Le plus classique est de photographier dans le même champ ses deux composantes principales que sont M81 et M82, comme sur la version de 2017 présentée ici. Une focale intermédiaire associée à un capteur de dimensions classiques (type APS-C) est parfaitement adapté. Cette version est souvent privilégiée car elle permet d’obtenir un portrait d’ensemble de ce couple galactique, sans trop sacrifier à la résolution, de beaux détails pouvant déjà être saisis dans les bras spiraux de M81 et le centre de M82.
Il est également possible de saisir sur la même image l’ensemble des galaxies du groupe M81, en recourant à une focale plus réduite et/ou un capteur de plus grandes dimensions. L’intégration de NGC 3077 peut être réalisée en cadrant cette dernière dans la diagonale du capteur, de manière bien mieux optimisée que ce qui est montré ici sur la version de 2015. Une telle image ne permettra pas d’obtenir des détails très intéressants dans les galaxies prises indépendamment, mais si le temps de pose est suffisamment conséquent elle permettra de mettre en valeur de manière très spectaculaire l’IFN présent dans cette zone du ciel. Comme cela est visible sur l’animation ci-dessus, l’IFN est présente dans tout le champ, et particulièrement dense dans la zone comprise (en apparence) entre M81 et NGC 3077. Avoir en tête la répartition de l’IFN est important pour cadrer au mieux lors de la prise de vue.

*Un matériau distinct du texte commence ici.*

(* If $\psi \in \mathcal{D}^1$, then for each $i=1,\dots,I$ and every $u\in\mathbb{R}_+$, \[i\, \psi_i'(u)=\sum_{j=1}^{I}M_{ij}^*(\psi'(u))\,v^{\mathrm{eff}}_j(\psi'(u))\, \psi_j'(u),\] where $\psi'(u)=(\psi_1'(u),\dots,\psi_I'(u))$.
   Context: Fix $I\in\mathbb{N}$. $\mathcal{C}=\{f\in C(\mathbb{R}_+,\mathbb{R}_+):f(0)=0,f\text{ non-decreasing}\}$, $\mathcal{C}^\uparrow=\{f\in\mathcal{C}:f\text{ strictly increasing},\lim_{u\to\infty}f(u)=\infty\}$, $\mathcal{C}^1=\{f\in\mathcal{C}:f^{\mathbb{R}}\in C^1(\mathbb{R},\mathbb{R})\}$ where $f^{\mathbb{R}}$ extends $f$ by $0$ on $(-\infty,0)$. For $\psi\in\mathcal{C}^I$, $\phi_i(u)=u-\sum_j2(i\wedge j)\psi_j(u)$; $\mathcal{D}=\{\psi\in\mathcal{C}^I:\phi_I\in\mathcal{C}^\uparrow,\sum_ii\sup_{u_1\ne u_2}\frac{\psi_i(u_1)-\psi_i(u_2)}{\phi_i(u_1)-\phi_i(u_2)}<\frac12\}$ and $\mathcal{D}^1=\mathcal{D}\cap(\mathcal{C}^1)^I$. With $\kappa_{ij}=2(i\wedge j)$, for $\rho\in\mathbb{R}_+^I$ let $M(\rho)$ have $M_{ii}=1-\sum_{j\neq i}\kappa_{ij}\rho_j$, $M_{ij}=\kappa_{ij}\rho_j$ ($i\neq j$), and $M^*(\rho)$ have $M^*_{ii}=1-\sum_{j\ne i}\kappa_{ij}\rho_j$, $M^*_{ij}=\kappa_{ij}\rho_i$ ($i\neq j$). When $\sum_i2i\rho_i<1$, $M(\rho)$ is invertible and $v^{\mathrm{eff}}(\rho):=M(\rho)^{-1}(1,2,\dots,I)^T$ (for $\psi\in\mathcal{D}^1$ this condition holds for $\rho=\psi'(u)$). *)

From HB Require Import structures.
From mathcomp Require Import all_boot all_order all_algebra.
From mathcomp Require Import all_classical all_reals all_analysis.
Set Implicit Arguments. Unset Strict Implicit. Unset Printing Implicit Defensive.
Import Order.TTheory GRing.Theory Num.Theory.
Import numFieldNormedType.Exports.
Local Open Scope classical_set_scope.
Local Open Scope ring_scope.

Section Defs.
Variable R : realType.

(* Functions R_+ -> R_+ are represented as f : R -> R; only values on [0,oo) matter. *)

Definition classC (f : R -> R) : Prop :=
  [/\ {within `[0, +oo[, continuous f},
      f 0 = 0,
      (forall u, 0 <= u -> 0 <= f u) &
      (forall u1 u2, 0 <= u1 -> u1 <= u2 -> f u1 <= f u2)].

Definition classCup (f : R -> R) : Prop :=
  [/\ classC f,
      (forall u1 u2, 0 <= u1 -> u1 < u2 -> f u1 < f u2) &
      f x @[x --> +oo] --> +oo].

Definition extR (f : R -> R) : R -> R := fun u => if u < 0 then 0 else f u.

Definition classC1 (f : R -> R) : Prop :=
  [/\ classC f,
      (forall x, derivable (extR f) x 1) &
      continuous (derive1 (extR f))].

Definition dpsi (I : nat) (psi : 'I_I -> R -> R) (u : R) : 'I_I -> R :=
  fun i => derive1 (extR (psi i)) u.

(* kappa_{kl} = 2 (k /\ l) with 1-based indices k, l *)
Definition kappa (k l : nat) : R := 2 * (minn k l)%:R.

(* phi_k(u) = u - sum_j 2 (k /\ j) psi_j(u), k 1-based; psi j is psi_{j+1} *)
Definition phi (I : nat) (psi : 'I_I -> R -> R) (k : nat) (u : R) : R :=
  u - \sum_(j < I) kappa k j.+1 * psi j u.

Definition ratio_sup (I : nat) (psi : 'I_I -> R -> R) (i : 'I_I) : \bar R :=
  ereal_sup [set x : \bar R | exists u1 u2, [/\ 0 <= u1, 0 <= u2, u1 != u2 &
      x = ((psi i u1 - psi i u2) / (phi psi i.+1 u1 - phi psi i.+1 u2))%:E]].

Definition classD (I : nat) (psi : 'I_I -> R -> R) : Prop :=
  [/\ (forall i, classC (psi i)),
      classCup (phi psi I) &
      (\sum_(i < I) (i.+1)%:R%:E * ratio_sup psi i < (1 / 2)%:E)%E].

Definition classD1 (I : nat) (psi : 'I_I -> R -> R) : Prop :=
  classD psi /\ (forall i, classC1 (psi i)).

(* M(rho) and M^*(rho), indices i j : 'I_I stand for i+1, j+1 *)
Definition Mmat (I : nat) (rho : 'I_I -> R) : 'M[R]_I :=
  \matrix_(i, j) if i == j then 1 - \sum_(k < I | k != i) kappa i.+1 k.+1 * rho k
                 else kappa i.+1 j.+1 * rho j.

Definition Mstar (I : nat) (rho : 'I_I -> R) : 'M[R]_I :=
  \matrix_(i, j) if i == j then 1 - \sum_(k < I | k != i) kappa i.+1 k.+1 * rho k
                 else kappa i.+1 j.+1 * rho i.

Definition veff (I : nat) (rho : 'I_I -> R) : 'cV[R]_I :=
  invmx (Mmat rho) *m \col_(i < I) (i.+1)%:R.

End Defs.

From HB Require Import structures.
From mathcomp Require Import all_boot all_order all_algebra.
From mathcomp Require Import all_classical all_reals all_analysis.
From mathcomp Require Import lra ring.
Set Implicit Arguments. Unset Strict Implicit. Unset Printing Implicit Defensive.
Import Order.TTheory GRing.Theory Num.Theory.
Import numFieldNormedType.Exports.
Local Open Scope classical_set_scope.
Local Open Scope ring_scope.

(* Write [rho = psi'(u)].  Since [M*_ij rho_j = rho_i M_ij], the right-hand side is
   [rho_i (M(rho) v^eff(rho))_i = i rho_i] once [M(rho)] is invertible.  Invertibility
   needs [rho >= 0] and [sum_k 2 k rho_k < 1]: testing [M(rho) x = 0] against
   [(rho_i x_i)_i] gives a positive diagonal part plus the quadratic form of the
   positive semidefinite kernel [2 min(i, j)].  Both conditions on [rho] come from
   the class D, through right difference quotients of [psi_i]: they are nonnegative
   and bounded by those with [phi_i] in the denominator, as
   [0 < phi_i(u + h) - phi_i(u) <= h]. *)

Lemma sum_ord_leq (n k : nat) : (k < n)%N -> (\sum_(m < n) (m <= k))%N = k.+1.
Proof.
move=> lt_kn; rewrite -big_mkcond /= (big_ord_narrow (F := fun=> 1%N) lt_kn).
by rewrite sum1_card card_ord.
Qed.

(* [minn i j + 1] counts the [m] with [m <= i] and [m <= j], so the form is a sum of squares. *)
Lemma min_kernel_form_ge0 (R : realDomainType) (n : nat) (y : 'I_n -> R) :
  0 <= \sum_(i < n) \sum_(j < n) y i * (minn i j).+1%:R * y j.
Proof.
have -> : \sum_(i < n) \sum_(j < n) y i * (minn i j).+1%:R * y j =
    \sum_(m < n) (\sum_(i < n) (m <= i)%:R * y i) ^+ 2.
  transitivity (\sum_(m < n) \sum_(i < n) \sum_(j < n)
      (m <= i)%:R * y i * ((m <= j)%:R * y j)); last first.
    by apply: eq_bigr => m _; rewrite expr2 big_distrlr.
  rewrite [RHS]exchange_big; apply: eq_bigr => i _ /=.
  rewrite [RHS]exchange_big; apply: eq_bigr => j _ /=.
  have lt_min : (minn i j < n)%N by rewrite gtn_min ltn_ord.
  rewrite -(sum_ord_leq lt_min) natr_sum mulr_sumr mulr_suml.
  by apply: eq_bigr => m _; rewrite leq_min -mulnb natrM; ring.
by apply: sumr_ge0 => m _; exact: sqr_ge0.
Qed.

Section Kappa.
Variable R : realType.

Lemma kappa_ge0 (k l : nat) : 0 <= kappa R k l.
Proof. by rewrite mulr_ge0. Qed.

Lemma kappa_le_double_r (k l : nat) : kappa R k l <= 2 * l%:R.
Proof. by rewrite ler_pM2l // ler_nat geq_minr. Qed.

Lemma kappa_mono_l (k m l : nat) : (k <= m)%N -> kappa R k l <= kappa R m l.
Proof.
move=> le_km; rewrite ler_pM2l // ler_nat leq_min geq_minr andbT.
exact: leq_trans (geq_minl _ _) le_km.
Qed.

Lemma kappa_form_ge0 (I : nat) (y : 'I_I -> R) :
  0 <= \sum_(i < I) \sum_(j < I) y i * kappa R i.+1 j.+1 * y j.
Proof.
have -> : \sum_(i < I) \sum_(j < I) y i * kappa R i.+1 j.+1 * y j =
    2 * \sum_(i < I) \sum_(j < I) y i * (minn i j).+1%:R * y j.
  rewrite mulr_sumr; apply: eq_bigr => i _; rewrite mulr_sumr.
  by apply: eq_bigr => j _; rewrite /kappa minnSS; ring.
by rewrite mulr_ge0 ?min_kernel_form_ge0.
Qed.

End Kappa.

Section Matrices.
Variables (R : realType) (I : nat) (rho : 'I_I -> R).

Lemma MmatE (i j : 'I_I) : Mmat rho i j =
  (i == j)%:R * (1 - \sum_(k < I) kappa R i.+1 k.+1 * rho k) + kappa R i.+1 j.+1 * rho j.
Proof.
rewrite mxE; case: eqP => [<-|_] /=; last by ring.
by rewrite [in RHS](bigD1 i) //=; ring.
Qed.

Lemma Mstar_mul_rho (i j : 'I_I) : Mstar rho i j * rho j = rho i * Mmat rho i j.
Proof. by rewrite !mxE; case: eqP => [->|_]; ring. Qed.

Lemma Mstar_veff (i : 'I_I) : Mmat rho \in unitmx ->
  i.+1%:R * rho i = \sum_(j < I) Mstar rho i j * veff rho j 0 * rho j.
Proof.
move=> Munit.
have Mveff : Mmat rho *m veff rho = \col_(k < I) k.+1%:R by rewrite mulKVmx.
have := congr1 (fun A : 'cV_I => A i 0) Mveff; rewrite !mxE => <-.
rewrite mulrC mulr_sumr; apply: eq_bigr => j _.
by rewrite mulrAC Mstar_mul_rho mulrA.
Qed.

Lemma Mmat_mul_sum (x : 'I_I -> R) (i : 'I_I) :
  \sum_(j < I) Mmat rho i j * x j =
  (1 - \sum_(k < I) kappa R i.+1 k.+1 * rho k) * x i +
  \sum_(j < I) kappa R i.+1 j.+1 * (rho j * x j).
Proof.
under eq_bigr => j _ do rewrite MmatE mulrDl.
rewrite big_split /= (bigD1 i) //= eqxx mul1r.
rewrite [X in _ + X + _]big1 ?addr0 => [|j]; last first.
  by rewrite eq_sym => /negbTE->; rewrite !mul0r.
by congr (_ + _); apply: eq_bigr => j _; rewrite mulrA.
Qed.

Hypothesis rho_ge0 : forall k, 0 <= rho k.
Hypothesis weighted_sum_lt1 : \sum_(k < I) 2 * k.+1%:R * rho k < 1.

Lemma kappa_row_sum_lt1 (i : 'I_I) : \sum_(k < I) kappa R i.+1 k.+1 * rho k < 1.
Proof.
apply: le_lt_trans weighted_sum_lt1; apply: ler_sum => k _.
by rewrite ler_wpM2r ?kappa_le_double_r.
Qed.

(* Multiplying the [i]-th equation by [y i = rho i * x i] and summing gives
   [sum_i a_i rho_i x_i^2 + y^T kappa y = 0], a sum of two nonnegative terms. *)
Lemma Mmat_ker (x : 'I_I -> R) :
  (forall i, \sum_(j < I) Mmat rho i j * x j = 0) -> forall i, x i = 0.
Proof.
move=> Mx0.
pose a (i : 'I_I) := 1 - \sum_(k < I) kappa R i.+1 k.+1 * rho k.
have a_gt0 i : 0 < a i by rewrite subr_gt0 (kappa_row_sum_lt1 i).
pose y (i : 'I_I) := rho i * x i.
have eq_row i : a i * x i + \sum_(j < I) kappa R i.+1 j.+1 * y j = 0.
  by have := Mx0 i; rewrite Mmat_mul_sum.
have split0 : \sum_(i < I) a i * rho i * x i ^+ 2 +
    \sum_(i < I) \sum_(j < I) y i * kappa R i.+1 j.+1 * y j = 0.
  rewrite -big_split big1 // => i _ /=.
  transitivity (y i * (a i * x i + \sum_(j < I) kappa R i.+1 j.+1 * y j));
    last by rewrite eq_row mulr0.
  rewrite mulrDr mulr_sumr.
  by congr (_ + _); [rewrite /y; ring | apply: eq_bigr => j _; ring].
have diag_ge0 i : 0 <= a i * rho i * x i ^+ 2.
  by rewrite mulr_ge0 ?sqr_ge0 // mulr_ge0 ?(ltW (a_gt0 i)).
have diag0 : \sum_(i < I) a i * rho i * x i ^+ 2 = 0.
  have := kappa_form_ge0 y; have : 0 <= \sum_(i < I) a i * rho i * x i ^+ 2 by exact: sumr_ge0.
  lra.
have y0 i : y i = 0.
  have := @psumr_eq0P _ _ _ _ (fun i _ => diag_ge0 i) diag0 i isT.
  rewrite -mulrA => /eqP; rewrite mulf_eq0 (gt_eqF (a_gt0 i)) /= => /eqP rx0.
  by apply/eqP; rewrite -sqrf_eq0 exprMn expr2 -mulrA rx0 mulr0.
move=> i; have := eq_row i; rewrite big1 => [|j _]; last by rewrite y0 mulr0.
by rewrite addr0 => /eqP; rewrite mulf_eq0 (gt_eqF (a_gt0 i)) => /eqP.
Qed.

Lemma Mmat_unitmx : Mmat rho \in unitmx.
Proof.
rewrite unitmxE unitfE -det_tr; apply/negP => /det0P[v /eqP v_neq0 vM].
apply: v_neq0; apply/rowP => j; rewrite mxE.
apply: (@Mmat_ker (fun j => v 0 j)) => i.
have := congr1 (fun A : 'rV_I => A 0 i) vM; rewrite !mxE; apply: etrans.
by apply: eq_bigr => k _; rewrite !mxE mulrC.
Qed.

End Matrices.

Section RightDerivative.
Variable R : realType.
Implicit Type f : R -> R.

Definition diff_quot f (u h : R) : R := h^-1 * (f (h + u) - f u).

Lemma derivable1_diff_quot_cvg f (u : R) : derivable f u 1 ->
  diff_quot f u @ 0^' --> f^`()%classic u.
Proof.
rewrite /derivable.
have -> : (fun h : R => h^-1 *: ((f \o shift u) (h *: (1 : R)) - f u)) = diff_quot f u.
  by apply/funext => h; congr (_ * (f (_ + _) - _)); exact: mulr1.
by move=> df; exact: df.
Qed.

Lemma extR_diff_quot_cvg f (u : R) : 0 <= u -> derivable (extR f) u 1 ->
  diff_quot f u @ 0^'+ --> (extR f)^`()%classic u.
Proof.
move=> u_ge0 df.
apply: cvg_trans _ (cvg_dnbhs_at_right (derivable1_diff_quot_cvg df)).
apply: near_eq_cvg; near=> h.
have h_gt0 : 0 < h by near: h; exact: nbhs_right_gt.
by rewrite /diff_quot /extR !ltNge u_ge0 (addr_ge0 (ltW h_gt0) u_ge0).
Unshelve. all: by end_near.
Qed.

Lemma classC1_derive_ge0 f (u : R) : classC1 f -> 0 <= u -> 0 <= (extR f)^`()%classic u.
Proof.
case=> -[_ _ _ f_mono] df _ u_ge0.
apply: (cvgr_to_ge (extR_diff_quot_cvg u_ge0 (df u))); near=> h.
have h_gt0 : 0 < h by near: h; exact: nbhs_right_gt.
rewrite mulr_ge0 ?invr_ge0 ?(ltW h_gt0) // subr_ge0 f_mono //; lra.
Unshelve. all: by end_near.
Qed.

End RightDerivative.

Lemma classC_subr_ge0 (R : realType) (f : R -> R) (u1 u2 : R) :
  classC f -> 0 <= u1 -> u1 <= u2 -> 0 <= f u2 - f u1.
Proof. by case=> _ _ _ f_mono u1_ge0 le_u12; rewrite subr_ge0 f_mono. Qed.

Section Phi.
Variables (R : realType) (I : nat) (psi : 'I_I -> R -> R).

Lemma phiB (k : nat) (u1 u2 : R) : phi psi k u2 - phi psi k u1 =
  (u2 - u1) - \sum_(j < I) kappa R k j.+1 * (psi j u2 - psi j u1).
Proof. by under [in RHS]eq_bigr => j _ do rewrite mulrBr; rewrite sumrB /phi; ring. Qed.

Hypothesis psiC : forall i, classC (psi i).

Lemma phi_incr_le (k : nat) (u1 u2 : R) : 0 <= u1 -> u1 <= u2 ->
  phi psi k u2 - phi psi k u1 <= u2 - u1.
Proof.
move=> u1_ge0 le_u12; rewrite phiB lerBlDr lerDl.
by apply: sumr_ge0 => j _; rewrite mulr_ge0 ?kappa_ge0 ?classC_subr_ge0.
Qed.

Lemma phi_incr_le_index (k m : nat) (u1 u2 : R) : (k <= m)%N -> 0 <= u1 -> u1 <= u2 ->
  phi psi m u2 - phi psi m u1 <= phi psi k u2 - phi psi k u1.
Proof.
move=> le_km u1_ge0 le_u12; rewrite !phiB lerB // ler_sum // => j _.
by rewrite ler_wpM2r ?kappa_mono_l ?classC_subr_ge0.
Qed.

End Phi.

Section ClassD.
Variables (R : realType) (I : nat) (psi : 'I_I -> R -> R).
Hypothesis psiD : classD psi.

Let psiC : forall i, classC (psi i). Proof. by case: psiD. Qed.

Lemma phi_incr_gt0 (i : 'I_I) (u1 u2 : R) : 0 <= u1 -> u1 < u2 ->
  0 < phi psi i.+1 u2 - phi psi i.+1 u1.
Proof.
move=> u1_ge0 lt_u12; case: psiD => _ [_ phiI_incr _] _.
apply: lt_le_trans (phi_incr_le_index psiC (ltn_ord i) u1_ge0 (ltW lt_u12)).
by rewrite subr_gt0 phiI_incr.
Qed.

Lemma diff_quot_le_ratio_sup (i : 'I_I) (u h : R) : 0 <= u -> 0 < h ->
  ((diff_quot (psi i) u h)%:E <= ratio_sup psi i)%E.
Proof.
move=> u_ge0 h_gt0; have le_uhu : u <= h + u by rewrite lerDr ltW.
apply: le_trans (ereal_sup_ubound _); last first.
  exists (h + u), u; split => //; [lra | by rewrite -subr_eq0 addrK gt_eqF].
rewrite lee_fin /diff_quot mulrC ler_wpM2l ?classC_subr_ge0 //.
rewrite lef_pV2 ?posrE ?phi_incr_gt0 //; last lra.
by have := phi_incr_le psiC i.+1 u_ge0 le_uhu; rewrite addrK.
Qed.

End ClassD.

Section ClassD1.
Variables (R : realType) (I : nat) (psi : 'I_I -> R -> R).
Hypothesis psiD1 : classD1 psi.

Lemma dpsi_ge0 (u : R) (i : 'I_I) : 0 <= u -> 0 <= dpsi psi u i.
Proof. by move=> u_ge0; apply: classC1_derive_ge0 u_ge0; case: psiD1. Qed.

Lemma dpsi_le_ratio_sup (u : R) (i : 'I_I) : 0 <= u ->
  ((dpsi psi u i)%:E <= ratio_sup psi i)%E.
Proof.
move=> u_ge0; case: psiD1 => psiD /(_ i)[_ dpsi_i _].
have dq_cvg := extR_diff_quot_cvg u_ge0 (dpsi_i u).
case E: (ratio_sup psi i) => [r | | ]; last 2 first.
- exact: leey.
- by have := diff_quot_le_ratio_sup psiD i u_ge0 ltr01; rewrite E leeNy_eq.
rewrite lee_fin; apply: (cvgr_to_le dq_cvg); near=> h.
have h_gt0 : 0 < h by near: h; exact: nbhs_right_gt.
by rewrite -lee_fin -E diff_quot_le_ratio_sup.
Unshelve. all: by end_near.
Qed.

Lemma weighted_dpsi_sum_lt1 (u : R) : 0 <= u ->
  \sum_(k < I) 2 * k.+1%:R * dpsi psi u k < 1.
Proof.
move=> u_ge0; case: psiD1 => -[_ _ weighted_ratio_lt] _.
suff : \sum_(k < I) k.+1%:R * dpsi psi u k < 1 / 2.
  by rewrite -(ltr_pM2l (ltr0n _ 2)) mulr_sumr; under eq_bigr do rewrite mulrA; lra.
rewrite -lte_fin; apply: le_lt_trans weighted_ratio_lt.
rewrite -sumEFin; apply: lee_sum => k _; rewrite EFinM.
by apply: lee_wpmul2l; [rewrite lee_fin | exact: dpsi_le_ratio_sup].
Qed.

End ClassD1.

Theorem lemma6p7 (R : realType) (I : nat) (psi : 'I_I -> R -> R) :
  classD1 psi ->
  forall (i : 'I_I) (u : R), 0 <= u ->
    (i.+1)%:R * dpsi psi u i =
    \sum_(j < I) Mstar (dpsi psi u) i j * veff (dpsi psi u) j 0 * dpsi psi u j.
Proof.
move=> psiD1 i u u_ge0; apply: Mstar_veff; apply: Mmat_unitmx.
- by move=> k; exact: dpsi_ge0.
- exact: weighted_dpsi_sum_lt1.
Qed.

Enfin, il est bien sûr possible de consacrer une photographie distincte à chacune de ces galaxies, au moyen d’une focale plus importante, supérieure à 1000mm.
Sur M81, la photographie pose longue classique est de mise ; alors que sur M82, compte-tenu de la très forte luminosité de sa région centrale, il est possible de recourir efficacement à la technique du « Lucky Imaging ». Cette technique, inspirée de l’imagerie planétaire, consiste à réaliser un nombre extrêmement important de pose très courtes afin de ne conserver que les « quelques » centaines ou milliers de meilleures brutes lors de l’empilement. Compte-tenu de la courte durée des poses (1s voire moins), cette technique suppose de disposer d’un télescope d’un diamètre conséquent (250mm et plus) et d’une caméra refroidie disposant d’un bruit de lecture très faible. Les dernières générations de caméras CMOS font en ce sens des merveilles. En profitant d’un ciel calme, cette technique permet de « figer » la turbulence et ainsi d’espérer obtenir un gain en résolution par rapport à une image « classique » en poses longues, au détriment cependant d’une détectivité comparable dans le fond de ciel. Autrement dit, inutile d’espérer avec cette technique faire ressortir l’IFN dans le fond de ciel, mais de beaux détails peuvent être obtenus dans le noyau et les jets de matière de M82.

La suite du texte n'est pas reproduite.